Сразу после нашей первой ночи он переехал ко мне — я тогда еще занимал квартиру на верхнем этаже института — и немедленно принялся перестраивать мой быт. Он был неутомимым чистюлей, что меня вполне устраивало, потому что я сам на этом тронулся (кажется, педерасты бывают только двух видов — неряхи, как Бой, и монахи, вроде меня). Он был абсолютно необразован, и я, конечно, будучи верен себе, не устоял перед тем, чтобы приобщить его к «большой» культуре. Бедняга действительно старался куда больше, чем Данни, но так ничего и не достиг, став потехой для моих приятелей и коллег. Он ужасно переживал и однажды, обливаясь злыми слезами, шарахнул об пол хрустальный графин, когда обедавший у нас Ник стал потешаться, передразнивая белфастский акцент Патрика и задавая парню дурацкие вопросы о живописи семнадцатого века, в чем, должен сказать, сам Ник разбирался не больше, чем Патрик.
Патрик очень любил хорошо одеваться и зачастил к моему портному, беспечно игнорируя состояние моего банковского счета. Я же не мог отказать ему в удовольствии, тем более что в хорошо пошитом костюме он выглядел невозможно соблазнительным. Конечно, я не мог брать его с собой во многие места, потому что, как бы прилично он ни выглядел, достаточно ему было открыть рот, чтобы стало понятно, что он собой представляет. Это было постоянной причиной трений между нами, правда, его чувство обиды несколько приутихло, когда я рискнул позволить ему сопровождать меня во дворец в день посвящения меня в рыцарское звание.

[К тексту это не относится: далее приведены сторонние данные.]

(* Let $y,l,u\in\mathcal{R}(\mathbb{R}^{+},\mathbb{R})$ be such that $l\leq u$, $l_0\leq y_0\leq u_0$, and $\inf_{s\leq t}(u_s-l_s)>0$ for every $t\geq 0$. Then the reflection problem $RP^u_l(y)$ has at most one solution: if $(x,k)$ and $(\tilde{x},\tilde{k})$ are solutions of $RP^u_l(y)$, then $x=\tilde{x}$ and $k=\tilde{k}$.
   Context: A function $f:\mathbb{R}^+=[0,\infty)\to\mathbb{R}$ is regulated if it has a left limit $f_{t^-}$ at every $t>0$ and a right limit $f_{t^+}$ at every $t\geq0$; $\mathcal{R}(\mathbb{R}^{+},\mathbb{R})$ is the set of regulated functions. Write $\Delta^+f_t=f_{t^+}-f_t$, $\Delta^-f_t=f_t-f_{t^-}$, $a\wedge b=\min(a,b)$, $a\vee b=\max(a,b)$. A regulated function $\phi$ of bounded variation (on every $[0,t]$) decomposes as $\phi_t=\phi^c_t+\sum_{0<s\leq t}\Delta^-\phi_s+\sum_{0\leq s<t}\Delta^+\phi_s$ with $\phi^c$ continuous; its right-continuous part is $\phi^r_t=\phi^c_t+\sum_{0<s\leq t}\Delta^-\phi_s$. Reflection problem $RP^u_l(y)$: for $y,l,u\in\mathcal{R}(\mathbb{R}^{+},\mathbb{R})$ with $l_0\leq y_0\leq u_0$, a pair $(x,k)$ of regulated functions is a solution if there exist $\phi^1,\phi^2$ such that: (i) $x=y+k=y+\phi^1-\phi^2$; (ii) $l\leq x\leq u$; (iii) $\phi^1,\phi^2$ are non-decreasing with $\phi^1_0=\phi^2_0=0$; (iv) $\int_{[0,\infty[}\big((x_s-l_s)\wedge(x_{s^+}-l_{s^+})\big)\,d\phi^{1,r}_s=\int_{[0,\infty[}\big((u_s-x_s)\wedge(u_{s^+}-x_{s^+})\big)\,d\phi^{2,r}_s=0$; (v) for every $t\geq0$, $\sum_{s\leq t}(x_{s^+}-l_{s^+})\Delta^+\phi^1_s=\sum_{s\leq t}(u_s-x_s)\Delta^+\phi^1_s=0$ and $\sum_{s\leq t}(u_{s^+}-x_{s^+})\Delta^+\phi^2_s=\sum_{s\leq t}(x_s-l_s)\Delta^+\phi^2_s=0$. Here $\phi^{i,r}$ is the right-continuous part of $\phi^i$. *)

From HB Require Import structures.
From mathcomp Require Import all_boot all_order all_algebra.
From mathcomp Require Import all_classical all_reals all_analysis.
Set Implicit Arguments. Unset Strict Implicit. Unset Printing Implicit Defensive.
Import Order.TTheory GRing.Theory Num.Theory.
Import numFieldNormedType.Exports.
Local Open Scope classical_set_scope.
Local Open Scope ring_scope.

У миссис У. даже нашлось для него несколько слов, и вы можете себе представить произведенное впечатление. (Между прочим, я часто спрашиваю себя, знает ли миссис У. о том, что ее боготворят в среде гомосексуалистов. Вот ее мать, так та в свое время наверняка упивалась ролью ангела-хранителя всех свихнувшихся на этом поприще и даже позволяла себе шутить над собой по этому поводу. Юмор миссис У., правда, не такой грубый, хотя и она любит подшучивать, напуская на себя серьезный вид. Боже, мне и ее очень не хватает.)
Появление Патрика ознаменовало начало нового этапа моей жизни, можно сказать, среднего периода — времени покоя, размышлений и глубоких исследований, что приносило мне радость после бурных военных лет. Во всяком случае, на лондонской сцене значительно поутихло, особенно после отъезда Боя в Америку, хотя доходившие до нас с той стороны Атлантики сплетни о его похождениях вносили оживление в скучные вечеринки. В основном я был доволен семейной жизнью. Неправильное употребление данного понятия носит чисто формальный характер. Патрик обладал всеми качествами хорошей жены и, к счастью, был лишен двух худших: он не был женщиной и не плодоносил. (В наше время протестов и стремления к так называемой эмансипации я спрашиваю себя, до конца ли понимают женщины, как глубоко, всем своим нутром, до слез ненавидят их мужчины.) Он окружил меня заботой. Был занятным собеседником, отличным поваром и превосходным, хотя и не богатым на выдумки любовником. К тому же был ловким сводником. Абсолютно лишенный ревности, приводил ко мне парней со скромным рвением кота, кладущего к ногам хозяина наполовину съеденную мышь. Кроме того, он отличался нездоровым любопытством, и какое-то время мне пришлось преодолевать невольную стыдливость, чтобы позволить ему смотреть, как я скакал в постели на этих полуобъезженных жеребчиках.